Toda vez que saio com as crias tenho que levar a tal sacola que tem, entre tantos badulaques, as fraldas, a fralda de pano, lencinhos umedecidos, lencinhos de papel, uma muda de roupas para cada um, um kit primeiros socorros, pares extras de meias, cuecas e calcinhas; garrafas de água, chupeta, lanche, etc. Em outra sacola vão os carrinhos, baldes e pás, bichos de estimação e seja-lá-o-que-eles-resolverem-levar também naquele dia. Tem também minha bolsa. Pareço uma cigana vagando pelas areias do parquinho. 
Essa é a razão pela qual eu não compro mais nada caro nem de marca, nem para mim nem para as crias. O motivo é muito simples: administrar toda essa tralha requer tamanho esforço que um terço nunca volta para casa. O inventário é próximo ao do Carrefour. Eles tem pessoas especializadas para fazer isso, programas de computador e rede integrada. Eu tenho o Tico ou o Teco.
Da parte deles : o divertimento da cria menor no momento é enterrar os carrinhos favoritos que ele não pode dormir sem a companhia pela areia como se fossem ossos de cachorro para ver se ele consegue achar dois dias depois (há há. Só rindo para não chorar com a cena da Flavia de gatinhas fazendo buracos com a pázinha pela areia tentando recuperar o Macqueen para que esse moleque não surte na hora de dormir mais tarde.). A cria maior por sua vez coleciona qualquer papelzinho que é distribuído pelo trânsito-ela tem uma coleção de anúncios de construções de prédios e outra de desentupidores e dedetização que devem valer uma fortuna no Ebay. Duas semanas depois de me obrigar a pegar vários deles ela me pergunta aonde está aquele assim-assim que ela não consegue achar de jeito nenhum (porque eu joguei fora, evidentemente) e ela tinha deixado alí, ó.
Da minha parte: se vou ao banheiro lavar as mãozinhas cheias de lama de algum deles, o anel fica na pia. Se preciso tirar os óculos escuros para que eles não caiam quando estou abaixada fazendo bolos de areia, é lá mesmo que eles ficam. Se tirei o casaco e deixei no banco para poder me movimentar com mais conforto enquanto corro atrás deles como se fosse o lobo mau, a campanha do agasalho me agradece. Meu guarda-roupa diminuiu significativamente de tamanho desde que me tornei mãe.

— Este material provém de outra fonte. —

(* Let $V\subset\mathbb{R}^d$ be a finite non-degenerate antichain and let $p\in S_V$ be a characteristic point. Then every minimum $v\in D_p$ is contained in some minimal generating set of $p$.
   Context: For $x,y\in\mathbb{R}^d$, $x\le y$ (dominance order) means $x_i\le y_i$ for all $i$; $y\rhd x$ means $y_i>x_i$ for all $i$; $y\rhd_i x$ means $y_i=x_i$ and $y_j>x_j$ for all $j\neq i$. The join is the componentwise maximum. $V\subset\mathbb{R}^d$ is a finite antichain in the dominance order (elements are called minima). The orthogonal surface $S_V$ is the topological boundary of $\langle V\rangle=\{x: x\ge v\text{ for some }v\in V\}$; equivalently $p\in S_V$ iff there is $v\in V$ with $v\le p$ and no $w\in V$ with $p\rhd w$. For $p\in S_V$, $D_p=\{v\in V:v\le p\}$. A generating set for $p\in S_V$ is a nonempty $G\subseteq D_p$ with $\bigvee G=p$; it is minimal if $\bigvee(G\setminus\{v\})\neq p$ for every $v\in G$. Flats: $U_i(v)=\{p\in S_V: p\rhd_i v\}$; for $v,w\in V$ put $v\sim_i w$ iff $U_i(v)\cap U_i(w)\neq\emptyset$, and let $\sim_i^c$ be the reflexive–transitive closure; the $i$-flat of $v$ is $F_i(v)=\overline{\bigcup_{w\sim_i^c v}U_i(w)}$, and an $i$-flat is any set of this form. A characteristic point is a point of $S_V$ that lies in some $i$-flat for every $i\in\{1,\dots,d\}$. $V$ is degenerate if there exist a characteristic point $p$, minima $x,u,v\in D_p$ and coordinates $i\neq j$ with $u_i<v_i=x_i=p_i$ and $v_j<u_j=x_j=p_j$; otherwise non-degenerate. *)

From HB Require Import structures.
From mathcomp Require Import all_boot all_order all_algebra.
From mathcomp Require Import reals.
From Stdlib Require Import Relation_Operators.
Set Implicit Arguments. Unset Strict Implicit. Unset Printing Implicit Defensive.
Import Order.TTheory GRing.Theory Num.Theory.
Local Open Scope ring_scope.

Section OrthSurf.
Variables (R : realType) (d : nat).
Notation pt := {ffun 'I_d -> R}.

Definition dle (x y : pt) : Prop := forall i, x i <= y i.
Definition drhd (y x : pt) : Prop := forall i, x i < y i.
Definition drhdi (i : 'I_d) (y x : pt) : Prop :=
  y i = x i /\ forall j, j != i -> x j < y j.

Definition ptmax (x y : pt) : pt := [ffun i => Num.max (x i) (y i)].

Definition is_join (G : seq pt) (p : pt) : Prop :=
  match G with
  | [::] => False
  | g :: gs => foldr ptmax g gs = p
  end.

Definition antichain (V : seq pt) : Prop :=
  forall v w, v \in V -> w \in V -> dle v w -> v = w.

Definition onS (V : seq pt) (p : pt) : Prop :=
  (exists v, v \in V /\ dle v p) /\ ~ (exists w, w \in V /\ drhd p w).

Definition inD (V : seq pt) (p v : pt) : Prop := v \in V /\ dle v p.

(* generating sets (finite sets modelled by duplicate-free sequences) *)
Definition generating (V : seq pt) (p : pt) (G : seq pt) : Prop :=
  uniq G /\ (forall v, v \in G -> inD V p v) /\ is_join G p.

(* minimal: removing any element breaks the join (join of the empty set is never p) *)
Definition min_generating (V : seq pt) (p : pt) (G : seq pt) : Prop :=
  generating V p G /\ forall v, v \in G -> ~ is_join (rem v G) p.

(* topological closure in R^d (Euclidean topology, via the sup-distance) *)
Definition closure (A : pt -> Prop) (x : pt) : Prop :=
  forall e : R, 0 < e -> exists y, A y /\ forall i, `|x i - y i| < e.

Definition Ui (V : seq pt) (i : 'I_d) (v : pt) (p : pt) : Prop :=
  onS V p /\ drhdi i p v.

Definition simi (V : seq pt) (i : 'I_d) (v w : pt) : Prop :=
  v \in V /\ w \in V /\ exists p, Ui V i v p /\ Ui V i w p.

Definition flat (V : seq pt) (i : 'I_d) (v : pt) : pt -> Prop :=
  closure (fun p => exists w, w \in V /\ clos_refl_trans pt (simi V i) w v /\ Ui V i w p).

Definition characteristic (V : seq pt) (p : pt) : Prop :=
  onS V p /\ forall i : 'I_d, exists v, v \in V /\ flat V i v p.

Definition degenerate (V : seq pt) : Prop :=
  exists p x u v (i j : 'I_d),
    [/\ characteristic V p, inD V p x, inD V p u, inD V p v & i != j] /\
    (u i < v i /\ v i = x i /\ x i = p i) /\ (v j < u j /\ u j = x j /\ x j = p j).

End OrthSurf.

(** Every minimum of [D_p] attains [p] in some coordinate, since [p] lies on
    the surface.  Among these coordinates pick [k] for which the number of
    minima of [D_p] attaining [p] at [k] is smallest.  Non-degeneracy then
    forces every minimum of [D_p] attaining [p] at [k] to attain [p] wherever
    [v] does.  For each coordinate [i] with [v i < p i], the [i]-flat through
    [p] yields a minimum [w] of [D_p] with [w i = p i] that falls short of [p]
    in some coordinate where [v] attains it; hence [w k < p k].  So [v] and
    the minima of [D_p] below [p] at [k] generate [p], every minimal
    generating subset still needs a minimum attaining [p] at [k], and [v] is
    the only one available. *)
From HB Require Import structures.
From mathcomp Require Import all_boot all_order all_algebra.
From mathcomp Require Import reals.
From mathcomp Require Import lra.
From Stdlib Require Import Classical.
Set Implicit Arguments. Unset Strict Implicit. Unset Printing Implicit Defensive.
Import Order.TTheory GRing.Theory Num.Theory.
Local Open Scope ring_scope.

Lemma count_lt_subpred (T : eqType) (P Q : pred T) (s : seq T) x :
  {in s, subpred P Q} -> x \in s -> Q x -> ~~ P x -> (count P s < count Q s)%N.
Proof.
move=> sPQ xs Qx Px.
have := count_predC P (filter Q s); rewrite !count_filter size_filter.
rewrite (@eq_in_count _ (predI P Q) P); last first.
  by move=> y ys /=; case Py: (P y) => //=; apply: sPQ.
move=> <-; rewrite -[X in (X < _)%N]addn0 ltn_add2l -has_count.
by apply/hasP; exists x => //=; rewrite Px Qx.
Qed.

Lemma exists_pos_le_pos (R : realType) (s : seq R) :
  exists2 e, 0 < e & forall x, x \in s -> 0 < x -> e <= x.
Proof.
elim: s => [|x s [e e0 le_e]]; first by exists 1.
case: (ltP 0 x) => [x0|x_le0].
- exists (Num.min x e); first by rewrite lt_min x0 e0.
  move=> y; rewrite inE ge_min => /orP[/eqP->|ys] y0; first by rewrite lexx.
  by rewrite le_e ?orbT.
- exists e => // y; rewrite inE => /orP[/eqP->|ys] y0; last exact: le_e.
  by move: (lt_le_trans y0 x_le0); rewrite ltxx.
Qed.

Section OrthogonalSurface.
Variables (R : realType) (d : nat).
Local Notation pt := {ffun 'I_d -> R}.

Lemma foldr_ptmax_ge (g : pt) gs a :
  a \in g :: gs -> dle a (foldr (@ptmax R d) g gs).
Proof.
elim: gs a => [|h t IH] a; first by rewrite inE => /eqP-> i.
move=> aP i; rewrite /= ffunE le_max.
move: aP; rewrite !inE => /or3P[/eqP->|/eqP->|at_].
- by rewrite (IH g (mem_head _ _) i) orbT.
- by rewrite lexx.
- by rewrite (IH a _ i) ?orbT // inE at_ orbT.
Qed.

Lemma foldr_ptmax_attained (g : pt) gs i :
  exists2 a, a \in g :: gs & a i = foldr (@ptmax R d) g gs i.
Proof.
elim: gs => [|h t [a a_in ai]] /=; first by exists g; rewrite ?mem_head.
rewrite ffunE maxEle; case: ifP => _.
  by exists a => //; move: a_in; rewrite !inE => /orP[]->; rewrite ?orbT.
by exists h => //; rewrite !inE eqxx orbT.
Qed.

Lemma is_joinP (G : seq pt) p :
  is_join G p <->
  [/\ G != [::], forall a, a \in G -> dle a p
    & forall i, exists2 a, a \in G & a i = p i].
Proof.
case: G => [|g gs]; first by split=> [|[]].
split=> [/= <-|[_ G_le G_att]].
  by split=> // [a|i]; [apply: foldr_ptmax_ge | apply: foldr_ptmax_attained].
apply/ffunP => i; apply/eqP; rewrite eq_le; apply/andP; split.
  by have [a a_in <-] := foldr_ptmax_attained g gs i; apply: G_le.
by have [b b_in <-] := G_att i; apply: foldr_ptmax_ge.
Qed.

Section Surface.
Variables (V : seq pt) (p : pt).

Lemma onS_tight_coordinate v : onS V p -> inD V p v -> exists k, v k = p k.
Proof.
move=> [_ not_above] [vV vp].
have : ~~ [forall k, v k < p k].
  by apply/negP => /forallP v_lt; apply: not_above; exists v.
by case/forallPn => k; rewrite -leNgt => pv; exists k; apply/eqP; rewrite eq_le vp.
Qed.

Lemma min_generating_sub G :
  generating V p G -> exists G', min_generating V p G' /\ {subset G' <= G}.
Proof.
move: {2}(size G) (leqnn (size G)) => n; elim: n G => [|n IH] G.
  by rewrite leqn0 size_eq0 => /eqP-> [_ [_]].
move=> sizeG [uniqG [G_D G_join]].
case: (classic (exists2 u, u \in G & is_join (rem u G) p)) => [[u uG rem_join]|].
- have gen_rem : generating V p (rem u G).
    by split; [exact: rem_uniq | split=> // a /mem_rem; apply: G_D].
  have size_rem_u : (size (rem u G) <= n)%N.
    by rewrite size_rem // -subn1 leq_subLR add1n.
  have [G' [minG' subG']] := IH _ size_rem_u gen_rem.
  by exists G'; split=> // a /subG' /mem_rem.
- by move=> no_rem; exists G; do !split=> //; move=> u uG ?; apply: no_rem; exists u.
Qed.

Lemma mem_min_generating v k :
  inD V p v -> v k = p k ->
  (forall i, v i < p i -> exists w, [/\ inD V p w, w i = p i & w k < p k]) ->
  exists G, min_generating V p G /\ v \in G.
Proof.
move=> [vV vp] vk witness.
pose below_k := [pred w : pt | [forall j, w j <= p j] && (w k < p k)].
pose G := v :: undup (filter below_k V).
have memG w : w \in G -> w = v \/ inD V p w /\ w k < p k.
  rewrite inE mem_undup mem_filter => /orP[/eqP->|/andP[/andP[/forallP wp wk] wV]].
    by left.
  by right.
have in_below w : inD V p w -> w k < p k -> w \in G.
  move=> [wV wp] wk; rewrite inE mem_undup mem_filter /= wV wk !andbT.
  by apply/orP; right; apply/forallP.
have genG : generating V p G.
  split; first by rewrite /= undup_uniq mem_undup mem_filter /= vk ltxx !andbF.
  have G_D w : w \in G -> inD V p w by case/memG=> [->|[]].
  split=> //; apply/is_joinP; split=> // [w /G_D[]//|i].
  have [vi|vi] := eqVneq (v i) (p i); first by exists v; rewrite ?mem_head.
  have [|w [wD wi wk]] := witness i; first by rewrite lt_neqAle vi vp.
  by exists w => //; apply: in_below.
have [G' [minG' subG']] := min_generating_sub genG.
exists G'; split=> //.
have [_ _ G'_att] := (is_joinP G' p).1 minG'.1.2.2.
have [a aG' ak] := G'_att k.
case/memG: (subG' a aG') => [<-//|[_ ak_lt]].
by rewrite ak ltxx in ak_lt.
Qed.

Lemma near_preserves_strict_sides :
  exists2 e, 0 < e & forall q : pt, (forall j, `|p j - q j| < e) ->
    forall w j, w \in V -> (w j < p j -> w j < q j) /\ (p j < w j -> q j < w j).
Proof.
have [e e0 le_e] :=
  exists_pos_le_pos [seq `|p j - w j| | w : pt <- V, j : 'I_d <- enum 'I_d].
exists e => // q near_q w j wV.
have gap : 0 < `|p j - w j| -> e <= `|p j - w j|.
  by apply: le_e; apply: allpairs_f; rewrite ?mem_enum.
have := near_q j; rewrite ltr_norml => /andP[? ?].
split=> lt_wp.
- by move: gap; rewrite gtr0_norm ?subr_gt0 // => /(_ lt_wp); lra.
- by move: gap; rewrite ltr0_norm ?subr_lt0 // opprB subr_gt0 => /(_ lt_wp); lra.
Qed.

Lemma flat_witness i v0 :
  flat V i v0 p ->
  exists w, [/\ inD V p w, w i = p i &
    forall y, inD V p y -> y i < p i -> exists2 j, y j = p j & w j < p j].
Proof.
(* Only one point [q] of the flat close to [p] is used, with the minimum [w]
   such that [q] lies in [U_i(w)]. *)
move=> p_flat; have [e e0 near] := near_preserves_strict_sides.
have [q [[w [wV [_ [[_ q_not_above] [qiw wq]]]]] near_q]] := p_flat e e0.
have wi : w i = p i.
  have [wp|pw|//] := ltgtP (w i) (p i).
  - by have := (near q near_q w i wV).1 wp; rewrite qiw ltxx.
  - by have := (near q near_q w i wV).2 pw; rewrite qiw ltxx.
have wp : dle w p.
  move=> j; rewrite leNgt; apply/negP => pw.
  have [ji|ji] := eqVneq j i; first by rewrite ji wi ltxx in pw.
  by have := (near q near_q w j wV).2 pw; have := wq j ji; lra.
exists w; split=> // y [yV yp] yi.
have : ~~ [forall j, y j < q j].
  by apply/negP => /forallP yq; apply: q_not_above; exists y.
case/forallPn => j; rewrite -leNgt => qy.
have yj : y j = p j.
  apply/eqP; rewrite eq_le yp leNgt; apply/negP => ypj.
  by have := (near q near_q y j yV).1 ypj; lra.
have ji : j != i by apply: contraTneq yi => <-; rewrite yj ltxx.
by exists j => //; have := wq j ji; lra.
Qed.

Section NonDegenerate.
Hypotheses (nondeg : ~ degenerate V) (p_char : characteristic V p).

Lemma nondegenerate_tight_sub x a k k' :
  inD V p x -> x k = p k -> x k' = p k' ->
  inD V p a -> a k = p k -> a k' < p k' ->
  forall b, inD V p b -> b k' = p k' -> b k = p k.
Proof.
move=> xD xk xk' aD ak ak' b bD bk'.
apply/eqP; rewrite eq_le (bD.2 k) leNgt; apply/negP => bk.
have kk' : k != k' by apply: contraTneq ak' => <-; rewrite ak ltxx.
apply: nondeg; exists p, x, b, a, k, k'.
by split; [split | split; split=> //; rewrite ?ak ?bk' //].
Qed.

Lemma tight_coordinate_chain v :
  inD V p v -> exists k, v k = p k /\
    forall a, inD V p a -> a k = p k -> forall j, v j = p j -> a j = p j.
Proof.
move=> vD; have [k0 vk0] := onS_tight_coordinate p_char.1 vD.
pose tight j := [pred a : pt | [forall l, a l <= p l] && (a j == p j)].
have [k /eqP vk k_min] :=
  arg_minnP (fun j => count (tight j) V) (P := fun j => v j == p j) (introT eqP vk0).
exists k; split=> // a [aV ap] ak j vj.
apply/eqP; rewrite eq_le ap /= leNgt; apply/negP => aj.
have sub_jk : {in V, subpred (tight j) (tight k)}.
  move=> b bV /andP[/forallP bp /eqP bj]; apply/andP; split; first exact/forallP.
  by apply/eqP; apply: (nondegenerate_tight_sub vD vk vj (conj aV ap) ak aj).
have := count_lt_subpred sub_jk aV.
rewrite /= ak eqxx (introT forallP ap) (lt_eqF aj) => /(_ isT isT).
by rewrite ltnNge k_min //; apply/eqP.
Qed.

End NonDegenerate.
End Surface.
End OrthogonalSurface.

Theorem corollary4p9 (R : realType) (d : nat) (V : seq {ffun 'I_d -> R}) :
  antichain V -> ~ degenerate V ->
  forall p : {ffun 'I_d -> R}, characteristic V p ->
  forall v, inD V p v ->
  exists G : seq {ffun 'I_d -> R}, min_generating V p G /\ v \in G.
Proof.
move=> _ nondeg p p_char v vD.
have [k [vk chain]] := tight_coordinate_chain nondeg p_char vD.
apply: (mem_min_generating vD vk) => i vi.
have [v0 [_ p_flat]] := p_char.2 i.
have [w [wD wi w_block]] := flat_witness p_flat.
have [j vj wj] := w_block v vD vi.
exists w; split=> //; rewrite lt_neqAle (wD.2 k) andbT.
by apply: contraTneq wj => wk; rewrite (chain w wD wk j vj) ltxx.
Qed.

Meu consolo é que, colocando as coisas em proporção real, nada disso tem muita importância. A gente pode repor tudo isso. Até mesmo a Sally que ficou enterrada na areia-a gente vai fazer o impossível, até mesmo bater na porta da Ri Happy às 8 da noite para conseguir outra a tempo da cria ir dormir.
A gente perde outras coisas também: a paciência, o sono, a segurança, o bom-humor, a auto-estima. 
O que não tem substituição é o sorriso de nossos filhos, mesmo com a boca quase sem dentes. E esse a gente nunca, nunca vai perder.


                                                                                            Para Thula.